- [Exercise material]
(* Every $3$-CET with exactly one flip has a periodic point. Consequently there is no transitive $3$-CET with exactly one flip.
   Context: Let $S^1=[0,1]/(0\sim 1)$ with the orientation induced by $[0,1]$. Let $I_1,\dots,I_n$ be pairwise disjoint open subintervals of $S^1$ whose closures cover $S^1$. An $n$-CET is an injective map $T:\bigcup_{i=1}^n I_i\to S^1$ which is an isometry on each $I_i$ and which cannot be continuously extended to a larger open subset of $S^1$ (so it has exactly $n$ discontinuity points). A flip is a subinterval $I_i$ on which $T$ reverses orientation. A periodic point is $p$ with $T^m(p)=p$ for some $m\ge1$ (with $p\in\mathrm{Dom}(T^m)$). The orbit of $p$ is $\{T^m(p): m\in\mathbb{Z},\ p\in\mathrm{Dom}(T^m)\}$ and $T$ is transitive if some orbit is dense in $S^1$. *)

From Stdlib Require Import Reals Lra Lia.
Open Scope R_scope.

(** The circle S^1 = [0,1]/(0~1) is represented by the reals in [0,1). *)
Definition in_S1 (x : R) : Prop := 0 <= x < 1.

Definition modone (x : R) : R := frac_part x.

Definition cdist (x y : R) : R := Rmin (frac_part (x - y)) (frac_part (y - x)).

Definition arc (a l : R) (x : R) : Prop :=
  exists t, 0 < t < l /\ x = modone (a + t).

Definition carc (a l : R) (x : R) : Prop :=
  exists t, 0 <= t <= l /\ x = modone (a + t).

Definition S1_open (U : R -> Prop) : Prop :=
  (forall x, U x -> in_S1 x) /\
  (forall x, U x -> exists d, 0 < d /\ forall y, in_S1 y -> cdist x y < d -> U y).

Definition S1_continuous_on (U : R -> Prop) (g : R -> R) : Prop :=
  forall x, U x -> forall e, 0 < e -> exists d, 0 < d /\
    forall y, U y -> cdist x y < d -> cdist (g x) (g y) < e.

Definition not_extendable (D : R -> Prop) (T : R -> R) : Prop :=
  ~ (exists (U : R -> Prop) (g : R -> R),
       S1_open U /\ (forall x, D x -> U x) /\ (exists x, U x /\ ~ D x) /\
       (forall x, U x -> in_S1 (g x)) /\ (forall x, D x -> g x = T x) /\
       S1_continuous_on U g).

Definition CET_pieces (n : nat) (a l : nat -> R) (D : R -> Prop) (T : R -> R) : Prop :=
  (forall i, (i < n)%nat -> in_S1 (a i) /\ 0 < l i <= 1) /\
  (forall i j x, (i < n)%nat -> (j < n)%nat -> i <> j ->
      arc (a i) (l i) x -> arc (a j) (l j) x -> False) /\
  (forall x, in_S1 x -> exists i, (i < n)%nat /\ carc (a i) (l i) x) /\
  (forall x, D x <-> exists i, (i < n)%nat /\ arc (a i) (l i) x) /\
  (forall x, D x -> in_S1 (T x)) /\
  (forall x y, D x -> D y -> T x = T y -> x = y) /\
  (forall i x y, (i < n)%nat -> arc (a i) (l i) x -> arc (a i) (l i) y ->
      cdist (T x) (T y) = cdist x y) /\
  not_extendable D T.

(** The piece arc a l is a flip: T reverses orientation on it, i.e. T acts
    on it as a reflection t |-> c - t of S^1. *)
Definition is_flip (a l : R) (T : R -> R) : Prop :=
  exists c, forall t, 0 < t < l -> T (modone (a + t)) = modone (c - t).

Definition CET_one_flip (n : nat) (D : R -> Prop) (T : R -> R) : Prop :=
  exists a l : nat -> R, CET_pieces n a l D T /\
    exists j, (j < n)%nat /\ is_flip (a j) (l j) T /\
      forall i, (i < n)%nat -> is_flip (a i) (l i) T -> i = j.

Definition in_dom_iter (D : R -> Prop) (T : R -> R) (m : nat) (p : R) : Prop :=
  forall k, (k < m)%nat -> D (Nat.iter k T p).

Definition has_periodic_point (D : R -> Prop) (T : R -> R) : Prop :=
  exists p m, (1 <= m)%nat /\ in_dom_iter D T m p /\ Nat.iter m T p = p.

Definition in_orbit (D : R -> Prop) (T : R -> R) (p q : R) : Prop :=
  exists m, (in_dom_iter D T m p /\ q = Nat.iter m T p) \/
            (in_dom_iter D T m q /\ Nat.iter m T q = p).

Definition transitive (D : R -> Prop) (T : R -> R) : Prop :=
  exists p, in_S1 p /\
    forall x e, in_S1 x -> 0 < e -> exists q, in_orbit D T p q /\ cdist x q < e.

(* Up to a rotation of the circle, a 3-CET with one flip is the model map
   [one_flip_map]: two arcs of total length [b] are exchanged and rotated, and
   the remaining arc, of length [c - b], is flipped.  Its first return map to
   [[0, b)] is again such a map, on a circle shorter by the flip length, so
   finitely many steps of this Rauzy induction lead to a map whose flipped arc
   meets its own image; there the flip has points of period 2, which lift back
   to a periodic orbit avoiding the discontinuities.  The map is a local
   isometry along this orbit, so a whole ball around it consists of periodic
   points, and a dense orbit would have to enter the ball and hence be finite. *)

From Stdlib Require Import Reals Lra Lia List Classical.
Import ListNotations.
Open Scope R_scope.

(** * Arithmetic modulo 1 *)

Definition eqm (x y : R) : Prop := exists z : Z, x = y + IZR z.

Lemma eqm_refl x : eqm x x.
Proof. exists 0%Z. simpl. lra. Qed.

- [Problem to solve]
Using the listing above, print the line containing "isometry along this" and every line after it exactly, up to and including the last.

- [Task answer]
   isometry along this orbit, so a whole ball around it consists of periodic
   points, and a dense orbit would have to enter the ball and hence be finite. *)

From Stdlib Require Import Reals Lra Lia List Classical.
Import ListNotations.
Open Scope R_scope.

(** * Arithmetic modulo 1 *)

Definition eqm (x y : R) : Prop := exists z : Z, x = y + IZR z.

Lemma eqm_refl x : eqm x x.
Proof. exists 0%Z. simpl. lra. Qed.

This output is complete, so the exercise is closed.